Required work:
From the line with "Definition is_terminal (T" through the line with "exists u : hom Y PQ, p1", repeat the entries verbatim, both end lines included, and add nothing.

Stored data
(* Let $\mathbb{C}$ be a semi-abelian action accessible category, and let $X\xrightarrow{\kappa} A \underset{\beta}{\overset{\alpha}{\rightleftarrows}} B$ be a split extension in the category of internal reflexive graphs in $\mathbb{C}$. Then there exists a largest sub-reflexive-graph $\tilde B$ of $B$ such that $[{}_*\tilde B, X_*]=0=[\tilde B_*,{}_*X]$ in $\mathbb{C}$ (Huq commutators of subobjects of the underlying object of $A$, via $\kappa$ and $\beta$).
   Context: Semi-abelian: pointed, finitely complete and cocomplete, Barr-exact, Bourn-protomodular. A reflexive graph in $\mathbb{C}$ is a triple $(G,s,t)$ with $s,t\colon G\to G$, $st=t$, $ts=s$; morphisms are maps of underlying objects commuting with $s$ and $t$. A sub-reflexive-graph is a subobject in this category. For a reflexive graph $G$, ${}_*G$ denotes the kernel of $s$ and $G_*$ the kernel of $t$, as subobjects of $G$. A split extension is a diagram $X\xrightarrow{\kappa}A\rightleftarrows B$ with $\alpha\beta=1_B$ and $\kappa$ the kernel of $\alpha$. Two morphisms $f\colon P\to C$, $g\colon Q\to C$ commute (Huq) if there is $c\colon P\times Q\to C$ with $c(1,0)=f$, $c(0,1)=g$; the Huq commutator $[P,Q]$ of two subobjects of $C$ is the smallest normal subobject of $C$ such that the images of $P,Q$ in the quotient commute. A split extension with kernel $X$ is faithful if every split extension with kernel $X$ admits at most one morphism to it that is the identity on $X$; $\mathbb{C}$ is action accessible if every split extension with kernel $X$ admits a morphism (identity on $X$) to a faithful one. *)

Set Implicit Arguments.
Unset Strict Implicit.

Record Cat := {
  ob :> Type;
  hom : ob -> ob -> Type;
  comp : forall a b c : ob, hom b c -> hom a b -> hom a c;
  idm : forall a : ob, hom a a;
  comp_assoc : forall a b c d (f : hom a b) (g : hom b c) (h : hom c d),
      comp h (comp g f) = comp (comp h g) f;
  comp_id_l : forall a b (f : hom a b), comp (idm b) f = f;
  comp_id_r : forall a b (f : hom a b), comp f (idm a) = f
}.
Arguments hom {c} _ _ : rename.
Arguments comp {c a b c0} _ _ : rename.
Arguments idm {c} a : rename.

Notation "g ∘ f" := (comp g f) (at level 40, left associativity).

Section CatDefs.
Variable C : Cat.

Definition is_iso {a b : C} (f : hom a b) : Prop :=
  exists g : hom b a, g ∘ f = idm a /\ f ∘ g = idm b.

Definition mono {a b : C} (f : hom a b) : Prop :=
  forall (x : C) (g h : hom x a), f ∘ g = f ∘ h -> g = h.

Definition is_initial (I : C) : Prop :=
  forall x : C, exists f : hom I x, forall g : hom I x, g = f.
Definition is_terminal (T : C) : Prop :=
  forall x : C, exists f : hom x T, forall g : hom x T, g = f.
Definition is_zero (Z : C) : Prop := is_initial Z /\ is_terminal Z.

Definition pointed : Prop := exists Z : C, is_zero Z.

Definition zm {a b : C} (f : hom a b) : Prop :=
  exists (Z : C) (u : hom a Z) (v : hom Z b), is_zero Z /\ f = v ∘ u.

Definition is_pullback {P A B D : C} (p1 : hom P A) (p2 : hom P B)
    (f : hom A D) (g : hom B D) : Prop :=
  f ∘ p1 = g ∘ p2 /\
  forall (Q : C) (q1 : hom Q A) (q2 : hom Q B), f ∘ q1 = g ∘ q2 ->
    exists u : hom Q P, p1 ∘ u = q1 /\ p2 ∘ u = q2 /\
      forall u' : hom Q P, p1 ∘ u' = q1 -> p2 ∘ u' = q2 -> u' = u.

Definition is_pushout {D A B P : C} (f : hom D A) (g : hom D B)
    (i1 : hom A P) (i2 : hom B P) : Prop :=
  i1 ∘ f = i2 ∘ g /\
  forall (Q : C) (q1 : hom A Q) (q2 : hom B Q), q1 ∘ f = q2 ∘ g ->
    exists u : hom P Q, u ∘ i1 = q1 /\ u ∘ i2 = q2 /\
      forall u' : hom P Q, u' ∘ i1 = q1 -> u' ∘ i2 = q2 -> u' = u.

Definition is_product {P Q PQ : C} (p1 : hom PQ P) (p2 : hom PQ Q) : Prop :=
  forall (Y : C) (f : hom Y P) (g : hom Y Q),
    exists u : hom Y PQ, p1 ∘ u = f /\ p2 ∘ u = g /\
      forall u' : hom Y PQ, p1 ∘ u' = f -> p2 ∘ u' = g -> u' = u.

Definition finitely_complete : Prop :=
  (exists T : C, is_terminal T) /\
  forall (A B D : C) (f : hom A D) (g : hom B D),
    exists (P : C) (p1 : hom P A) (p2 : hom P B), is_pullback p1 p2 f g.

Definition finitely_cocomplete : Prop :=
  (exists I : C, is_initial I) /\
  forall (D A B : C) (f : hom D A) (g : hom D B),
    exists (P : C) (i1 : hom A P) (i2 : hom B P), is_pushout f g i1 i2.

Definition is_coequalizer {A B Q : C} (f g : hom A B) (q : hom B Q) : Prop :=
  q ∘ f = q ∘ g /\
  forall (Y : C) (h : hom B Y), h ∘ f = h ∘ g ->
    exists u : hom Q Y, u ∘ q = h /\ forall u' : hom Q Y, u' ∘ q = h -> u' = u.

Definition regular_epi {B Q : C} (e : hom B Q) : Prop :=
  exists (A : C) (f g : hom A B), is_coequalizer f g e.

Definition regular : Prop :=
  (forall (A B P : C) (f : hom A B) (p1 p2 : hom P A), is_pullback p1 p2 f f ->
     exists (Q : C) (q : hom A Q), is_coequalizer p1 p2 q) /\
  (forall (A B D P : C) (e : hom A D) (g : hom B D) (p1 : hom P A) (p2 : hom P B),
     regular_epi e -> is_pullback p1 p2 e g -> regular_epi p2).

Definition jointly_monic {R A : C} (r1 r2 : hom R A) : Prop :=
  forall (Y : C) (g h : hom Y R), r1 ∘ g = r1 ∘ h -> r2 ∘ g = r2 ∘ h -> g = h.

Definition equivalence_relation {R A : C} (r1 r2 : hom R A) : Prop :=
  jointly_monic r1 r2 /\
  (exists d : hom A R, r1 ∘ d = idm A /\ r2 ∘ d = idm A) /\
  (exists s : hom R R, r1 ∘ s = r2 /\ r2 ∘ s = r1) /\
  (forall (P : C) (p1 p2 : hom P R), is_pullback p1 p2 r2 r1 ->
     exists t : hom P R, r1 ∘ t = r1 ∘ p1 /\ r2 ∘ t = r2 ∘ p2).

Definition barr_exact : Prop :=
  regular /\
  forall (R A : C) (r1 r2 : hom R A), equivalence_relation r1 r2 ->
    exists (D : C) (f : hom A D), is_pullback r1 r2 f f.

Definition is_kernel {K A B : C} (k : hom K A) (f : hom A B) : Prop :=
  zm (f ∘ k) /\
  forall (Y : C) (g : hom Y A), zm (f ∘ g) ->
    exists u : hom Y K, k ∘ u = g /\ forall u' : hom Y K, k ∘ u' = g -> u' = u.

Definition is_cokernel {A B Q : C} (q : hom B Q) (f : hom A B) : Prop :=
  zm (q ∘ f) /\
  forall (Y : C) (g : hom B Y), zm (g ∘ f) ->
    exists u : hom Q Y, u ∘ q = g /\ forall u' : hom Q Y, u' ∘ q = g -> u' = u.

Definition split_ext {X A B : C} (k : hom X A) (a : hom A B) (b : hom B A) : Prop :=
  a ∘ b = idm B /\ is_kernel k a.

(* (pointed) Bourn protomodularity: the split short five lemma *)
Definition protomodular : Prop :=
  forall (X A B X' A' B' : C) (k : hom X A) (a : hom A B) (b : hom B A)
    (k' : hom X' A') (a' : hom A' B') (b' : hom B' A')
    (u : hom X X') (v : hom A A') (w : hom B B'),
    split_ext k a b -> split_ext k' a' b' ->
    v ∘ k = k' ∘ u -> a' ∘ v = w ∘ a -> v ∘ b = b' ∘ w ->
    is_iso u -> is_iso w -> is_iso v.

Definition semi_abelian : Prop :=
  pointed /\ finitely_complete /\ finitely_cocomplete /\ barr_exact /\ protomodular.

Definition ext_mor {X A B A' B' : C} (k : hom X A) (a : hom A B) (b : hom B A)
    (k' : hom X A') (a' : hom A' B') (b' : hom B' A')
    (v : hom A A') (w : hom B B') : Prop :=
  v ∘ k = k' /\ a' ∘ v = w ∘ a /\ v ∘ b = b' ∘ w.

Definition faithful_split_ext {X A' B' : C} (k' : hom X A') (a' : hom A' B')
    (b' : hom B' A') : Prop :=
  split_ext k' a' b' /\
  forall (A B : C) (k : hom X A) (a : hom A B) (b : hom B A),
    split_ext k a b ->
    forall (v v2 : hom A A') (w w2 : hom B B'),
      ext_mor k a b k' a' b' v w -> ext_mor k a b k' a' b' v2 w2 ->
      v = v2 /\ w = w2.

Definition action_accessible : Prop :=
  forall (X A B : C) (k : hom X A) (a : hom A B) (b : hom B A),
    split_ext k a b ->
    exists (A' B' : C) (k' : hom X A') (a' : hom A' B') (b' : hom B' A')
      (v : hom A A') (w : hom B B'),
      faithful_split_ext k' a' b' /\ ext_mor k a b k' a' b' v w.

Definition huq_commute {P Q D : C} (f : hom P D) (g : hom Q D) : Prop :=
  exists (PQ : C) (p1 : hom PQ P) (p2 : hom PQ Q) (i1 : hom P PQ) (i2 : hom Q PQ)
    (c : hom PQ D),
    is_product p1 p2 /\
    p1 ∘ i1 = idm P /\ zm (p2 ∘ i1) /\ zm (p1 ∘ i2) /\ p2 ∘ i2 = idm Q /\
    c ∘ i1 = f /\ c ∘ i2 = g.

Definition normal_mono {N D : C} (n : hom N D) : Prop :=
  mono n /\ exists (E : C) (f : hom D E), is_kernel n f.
...
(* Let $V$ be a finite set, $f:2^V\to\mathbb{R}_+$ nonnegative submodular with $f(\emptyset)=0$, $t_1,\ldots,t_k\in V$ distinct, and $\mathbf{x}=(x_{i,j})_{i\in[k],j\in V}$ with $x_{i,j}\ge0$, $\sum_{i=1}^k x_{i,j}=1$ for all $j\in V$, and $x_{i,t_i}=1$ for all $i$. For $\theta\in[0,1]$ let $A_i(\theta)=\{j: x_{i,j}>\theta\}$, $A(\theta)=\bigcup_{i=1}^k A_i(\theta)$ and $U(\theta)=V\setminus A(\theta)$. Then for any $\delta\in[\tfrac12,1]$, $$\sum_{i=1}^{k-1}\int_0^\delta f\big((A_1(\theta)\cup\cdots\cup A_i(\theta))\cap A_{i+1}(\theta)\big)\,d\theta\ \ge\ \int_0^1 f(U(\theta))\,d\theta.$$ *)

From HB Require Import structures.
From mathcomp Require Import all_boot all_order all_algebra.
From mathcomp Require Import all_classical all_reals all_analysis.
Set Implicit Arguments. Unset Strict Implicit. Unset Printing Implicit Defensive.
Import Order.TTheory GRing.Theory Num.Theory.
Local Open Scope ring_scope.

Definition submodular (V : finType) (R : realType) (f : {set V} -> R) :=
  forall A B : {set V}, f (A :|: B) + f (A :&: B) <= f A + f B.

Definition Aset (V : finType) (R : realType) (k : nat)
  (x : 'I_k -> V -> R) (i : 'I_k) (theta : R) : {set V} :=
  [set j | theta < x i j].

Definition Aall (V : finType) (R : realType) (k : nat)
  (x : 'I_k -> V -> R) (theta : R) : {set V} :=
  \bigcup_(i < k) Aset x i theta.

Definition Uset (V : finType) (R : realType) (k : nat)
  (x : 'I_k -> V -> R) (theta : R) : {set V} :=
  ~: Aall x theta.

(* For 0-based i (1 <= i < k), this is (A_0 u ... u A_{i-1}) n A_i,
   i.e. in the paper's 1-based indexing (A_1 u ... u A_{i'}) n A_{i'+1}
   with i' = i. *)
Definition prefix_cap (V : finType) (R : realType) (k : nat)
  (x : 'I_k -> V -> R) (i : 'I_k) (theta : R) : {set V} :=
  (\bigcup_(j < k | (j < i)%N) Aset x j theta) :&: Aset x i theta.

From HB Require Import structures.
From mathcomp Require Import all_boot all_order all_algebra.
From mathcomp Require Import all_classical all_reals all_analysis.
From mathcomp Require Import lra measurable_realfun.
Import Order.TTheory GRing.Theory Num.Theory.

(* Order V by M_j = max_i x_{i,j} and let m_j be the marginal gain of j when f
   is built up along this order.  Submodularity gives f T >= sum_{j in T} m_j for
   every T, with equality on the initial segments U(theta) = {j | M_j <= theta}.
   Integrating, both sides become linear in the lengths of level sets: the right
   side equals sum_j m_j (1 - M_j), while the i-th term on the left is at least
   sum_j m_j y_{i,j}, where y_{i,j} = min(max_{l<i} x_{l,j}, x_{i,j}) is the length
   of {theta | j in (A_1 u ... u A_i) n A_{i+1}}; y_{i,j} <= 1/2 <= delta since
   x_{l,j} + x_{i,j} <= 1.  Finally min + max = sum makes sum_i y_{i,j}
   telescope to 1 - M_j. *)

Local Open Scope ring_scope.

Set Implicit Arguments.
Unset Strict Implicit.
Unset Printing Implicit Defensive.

Solution to this exercise:
Definition is_terminal (T : C) : Prop :=
  forall x : C, exists f : hom x T, forall g : hom x T, g = f.
Definition is_zero (Z : C) : Prop := is_initial Z /\ is_terminal Z.

Definition pointed : Prop := exists Z : C, is_zero Z.

Definition zm {a b : C} (f : hom a b) : Prop :=
  exists (Z : C) (u : hom a Z) (v : hom Z b), is_zero Z /\ f = v ∘ u.

Definition is_pullback {P A B D : C} (p1 : hom P A) (p2 : hom P B)
    (f : hom A D) (g : hom B D) : Prop :=
  f ∘ p1 = g ∘ p2 /\
  forall (Q : C) (q1 : hom Q A) (q2 : hom Q B), f ∘ q1 = g ∘ q2 ->
    exists u : hom Q P, p1 ∘ u = q1 /\ p2 ∘ u = q2 /\
      forall u' : hom Q P, p1 ∘ u' = q1 -> p2 ∘ u' = q2 -> u' = u.

Definition is_pushout {D A B P : C} (f : hom D A) (g : hom D B)
    (i1 : hom A P) (i2 : hom B P) : Prop :=
  i1 ∘ f = i2 ∘ g /\
  forall (Q : C) (q1 : hom A Q) (q2 : hom B Q), q1 ∘ f = q2 ∘ g ->
    exists u : hom P Q, u ∘ i1 = q1 /\ u ∘ i2 = q2 /\
      forall u' : hom P Q, u' ∘ i1 = q1 -> u' ∘ i2 = q2 -> u' = u.

Definition is_product {P Q PQ : C} (p1 : hom PQ P) (p2 : hom PQ Q) : Prop :=
  forall (Y : C) (f : hom Y P) (g : hom Y Q),
    exists u : hom Y PQ, p1 ∘ u = f /\ p2 ∘ u = g /\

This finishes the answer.